Residents say drug problems escalate to drive-by shooting

By Staff
DAMAGED WINDSHIELD Bettye Segars points Monday to what she described as bullet holes in the windshield on the driver's side of her truck. Segars and other residents near the Alamucha-Whynot Road in southeast Lauderdale County told Lauderdale County supervisors that a man in a brown car drove by their homes Saturday, pulled out a rifle and shot at them. The residents said an escalating drug problem in the area led to the shootings. Photo by Paula Merritt/The Meridian Star
By Fredie Carmichael / staff writer
May 4, 2004
A group of southeast Lauderdale County residents said Monday they are frightened by what they call an escalating drug problem in their community that spawned a drive-by shooting over the weekend.

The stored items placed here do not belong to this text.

Lemma card_orbs (x : T * G) : #|orbs H (@lmul T G) x| = #|H|.
Proof. by apply: card_in_imset => h k _ _ [] /mulIg. Qed.

Lemma card_preim_to_orb (P : pred (orbit_type H (@lmul T G))) :
  #|[set x | P (orb x)]| = (#|H| * #|[set A | P A]|)%N.
Proof.
rewrite -!sum1_card (partition_big orb [in [set A | P A]]) => [|x]; last by rewrite !inE.
rewrite big_distrr /=; apply: eq_bigr => A; rewrite inE muln1 => PA.
rewrite [RHS]sum1_card -(card_orbs (iinv (valP A))) -sum1_card.
apply: eq_bigl => x; rewrite inE mem_orbs to_orb_iinv.
by case: eqP => [->|]; rewrite ?PA ?andbF.
Qed.

End LeftMultiplicationOrbits.

Section QuotientOfDerived.
Variables (X : digraph) (G : finGroupType) (alpha : dE X -> G) (H : {group G}).
Local Notation Q := (@quot (derived alpha) G H (@lmul _ _) (@lmul _ _)).
Local Notation orbV := (to_orb H (@lmul (dV X) G)).
Local Notation orbE := (to_orb H (@lmul (dE X) G)).
Local Open Scope group_scope.

Lemma iinv_to_orb e : exists2 h, h \in H & iinv (valP (orbE e)) = lmul h e.
Proof. by apply/imsetP; rewrite mem_orbs to_orb_iinv. Qed.

Lemma quot_derived_org e : @dorg Q (orbE e) = orbV (dorg e.1, e.2).
Proof.
have [h hH /= ->] := iinv_to_orb e.
exact: to_orb_lmul (dorg e.1, e.2) hH.
Qed.

Lemma quot_derived_term e : @dterm Q (orbE e) = orbV (dterm e.1, e.2 * alpha e.1).
Proof.
have [h hH /= ->] := iinv_to_orb e.
by rewrite -mulgA; exact: to_orb_lmul (dterm e.1, _) hH.
Qed.

Lemma quot_derived_adj v w b c :
  #|[set A : dE Q | (dorg A == orbV (v, b)) && (dterm A == orbV (w, c))]| =
  #|[set e : dE X | [&& dorg e == v, dterm e == w & b * alpha e \in H :* c]]|.
Proof.
apply/eqP; rewrite -(eqn_pmul2l (cardG_gt0 H)); apply/eqP.
rewrite -(card_preim_to_orb
  (fun A : dE Q => (dorg A == orbV (v, b)) && (dterm A == orbV (w, c)))).
rewrite -(card_rcoset H b) mulnC -cardsX.
apply: eq_card => -[e s]; rewrite !inE quot_derived_org quot_derived_term !to_orb_pairE /=.
case: (boolP (s \in H :* b)) => [/rcosetP[h hH ->]|_]; rewrite ?andbF ?andbT //.
by rewrite -mulgA !mem_rcoset -mulgA groupMl.
Qed.

End QuotientOfDerived.

Lemma card_option_pred (S : finType) (Q : pred (option S)) :
  #|[set e | Q e]| = (Q None + #|[set s | Q (Some s)]|)%N.
Proof.
rewrite !cardsE !cardE /enum_mem [@Finite.enum in LHS]unlock /=.
rewrite (_ : None \in Q = Q None) // filter_map.
by case: (Q None); rewrite /= size_map.
Qed.

Lemma card_sub_pred (T : finType) (P R : pred T) :
  #|[set s : {x | P x} | R (val s)]| = #|[set x | P x && R x]|.
Proof.
rewrite -(card_in_imset (f := val)) => [|s t _ _]; last exact: val_inj.
apply: eq_card => x; rewrite !inE; apply/imsetP/andP => [[s Rs ->]|[Px Rx]].
  by rewrite inE in Rs; split => //; exact: valP.
by exists (exist _ x Px); rewrite ?inE.
Qed.

Lemma card_ord_range n i : (i < n)%N -> #|[set k : 'I_n | (0 < k <= i)%N]| = i.
Proof.
elim: i => [|i IHi] lt_in.
  by apply: eq_card0 => k; rewrite inE; case: (nat_of_ord k).
rewrite (_ : [set k | _] = Ordinal lt_in |: [set k : 'I_n | (0 < k <= i)%N]).
  by rewrite cardsU1 IHi 1?ltnW // inE /= ltnn.
apply/setP => k; rewrite !inE -val_eqE /= [(k <= i.+1)%N]leq_eqVlt ltnS andb_orr.
by case: (nat_of_ord k =P i.+1) => [->|_]; rewrite ?andbT ?andbF.
Qed.

Lemma card_triangle n (R : pred 'I_n) :
  #|[set ik : 'I_n * 'I_n | (0 < ik.2 <= ik.1)%N && R ik.1]| = (\sum_(i < n | R i) i)%N.
Proof.
rewrite -sum1_card.
transitivity (\sum_(i < n | R i) \sum_(k < n | (0 < k <= i)%N) 1)%N.
  by rewrite pair_big_dep /=; apply: eq_bigl => -[i k]; rewrite inE /= andbC.
apply: eq_bigr => i _; rewrite sum1_card -[in RHS](card_ord_range (ltn_ord i)).
by apply: eq_card => k; rewrite inE.
Qed.

Lemma divf_eq_swap (F : fieldType) (x y z : F) :
  x != 0 -> y != 0 -> z != 0 -> (x / y == z) = (y == x / z).
Proof. by move=> x0 y0 z0; apply/eqP/eqP => [<-|->]; field; rewrite ?x0 ?y0 ?z0. Qed.

Lemma sum_ord_pair n a b :
  a != b -> (a < n)%N -> (b < n)%N ->
  (\sum_(i < n | (i == a :> nat) || (i == b :> nat)) i = a + b)%N.
Proof.
move=> ab a_lt b_lt; rewrite (bigD1 (Ordinal a_lt)) ?eqxx //= (bigD1 (Ordinal b_lt)) /=.
  by rewrite big1 ?addn0 // => i; rewrite -!val_eqE /=; lia.
by rewrite -val_eqE /= eqxx orbT; lia.
Qed.

Lemma val_unit_neq0 (F : finFieldType) (u : {unit F}) : val u != 0.
Proof. by rewrite -unitfE; exact: valP. Qed.

Section Yplus.
Variable p : nat.
Hypotheses (p_prime : prime p) (p_odd : odd p).
Local Notation J := <[jj p]>%g.
Let p_gt2 := odd_prime_gt2 p_odd p_prime.

Lemma natFp_eq0 i : ((i%:R : 'F_p) == 0) = (p %| i)%N.
Proof. by rewrite -val_eqE /= val_Fp_nat. Qed.

Lemma natr_Fp_char : p%:R = 0 :> 'F_p.
Proof. by apply/eqP; rewrite natFp_eq0. Qed.

Lemma natFp_inj i j : (i < p)%N -> (j < p)%N -> ((i%:R : 'F_p) == j%:R) = (i == j).
Proof. by move=> ip jp; rewrite -val_eqE /= !val_Fp_nat // !modn_small. Qed.

Lemma val_sigma i : (0 < i < p)%N -> val (sigma p i) = i%:R.
Proof.
move=> /andP[i_gt0 i_lt_p]; rewrite /sigma val_insubd unitfE natFp_eq0.
by rewrite /dvdn modn_small // -lt0n i_gt0.
Qed.

Lemma val_jj : val (jj p) = -1.
Proof.
rewrite /jj val_sigma; last by apply/andP; split; lia.
by rewrite natrB ?natr_Fp_char ?sub0r //; lia.
Qed.

Lemma order_jj : #[jj p]%g = 2.
Proof.
have jj_neq1 : jj p != 1%g.
  apply/eqP => /(congr1 val); rewrite val_jj => /eqP.
  by rewrite eq_sym -subr_eq0 opprK -(natrD _ 1 1) natFp_eq0 => /(dvdn_leq (ltn0Sn 1)); lia.
have : (#[jj p]%g %| 2)%N.
  by rewrite order_dvdn; apply/eqP/val_inj; rewrite FinRing.val_unitX val_jj sqrrN expr1n.
by move/(dvdn_leq (ltn0Sn 1)); rewrite -(order_gt1 (jj p)) in jj_neq1; lia.
Qed.

Lemma mem_cycle_jj_rcoset b c : (b \in J :* c)%g = (val b == val c) || (val b == - val c).
Proof.
rewrite mem_rcoset cycle2g ?order_jj // !inE !(canF_eq (mulgKV c)) mul1g.
by rewrite -[b == c]val_eqE -[b == (_ * c)%g]val_eqE FinRing.val_unitM val_jj mulN1r.
Qed.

The residents, who live on and near Alamucha-Whynot Road, said someone in a brown car drove by several homes Saturday, pulled out a rifle and fired shots shattering a window and nearly hitting children.
Harper and others said several people were in their front yards and had been videotaping speeders on Alamucha-Whynot Road when the driver of the brown car slammed on his brakes, turned around and began shooting.
Lauderdale County Sheriff Billy Sollie, who attended the supervisors meeting, said deputies responded to the area shortly after 6:15 p.m. Saturday and "could not find a bullet hole in any house, no windows shot out."
But, he said, the sheriff's department is continuing to investigate the alleged shooting and will continue to follow leads in the case.
Harper, who was visiting family in southeast Lauderdale County at the time of the incident and who served as spokesman for the group of residents said law officers need to do more to fight the drug problem.
Harper said he and his wife were all standing in front of a home on Alamucha-Whynot Road when the shootings began.
Bettye Segars, who lives nearby on Otis Shirley Road and has been video taping the speeders, said residents in the area "should not have to live in fear."
Sollie said his department is helping. He said his deputies have responded to Segars' home 36 times over the past 16 months and he encourages Segars and others to continue to call the sheriff's department.
He also said the alleged drug problems have been reported to the Mississippi Bureau of Narcotics and are being investigated.
As for the sheriff's department's patrol of the area, Sollie said the increased phone calls have resulted in more arrests.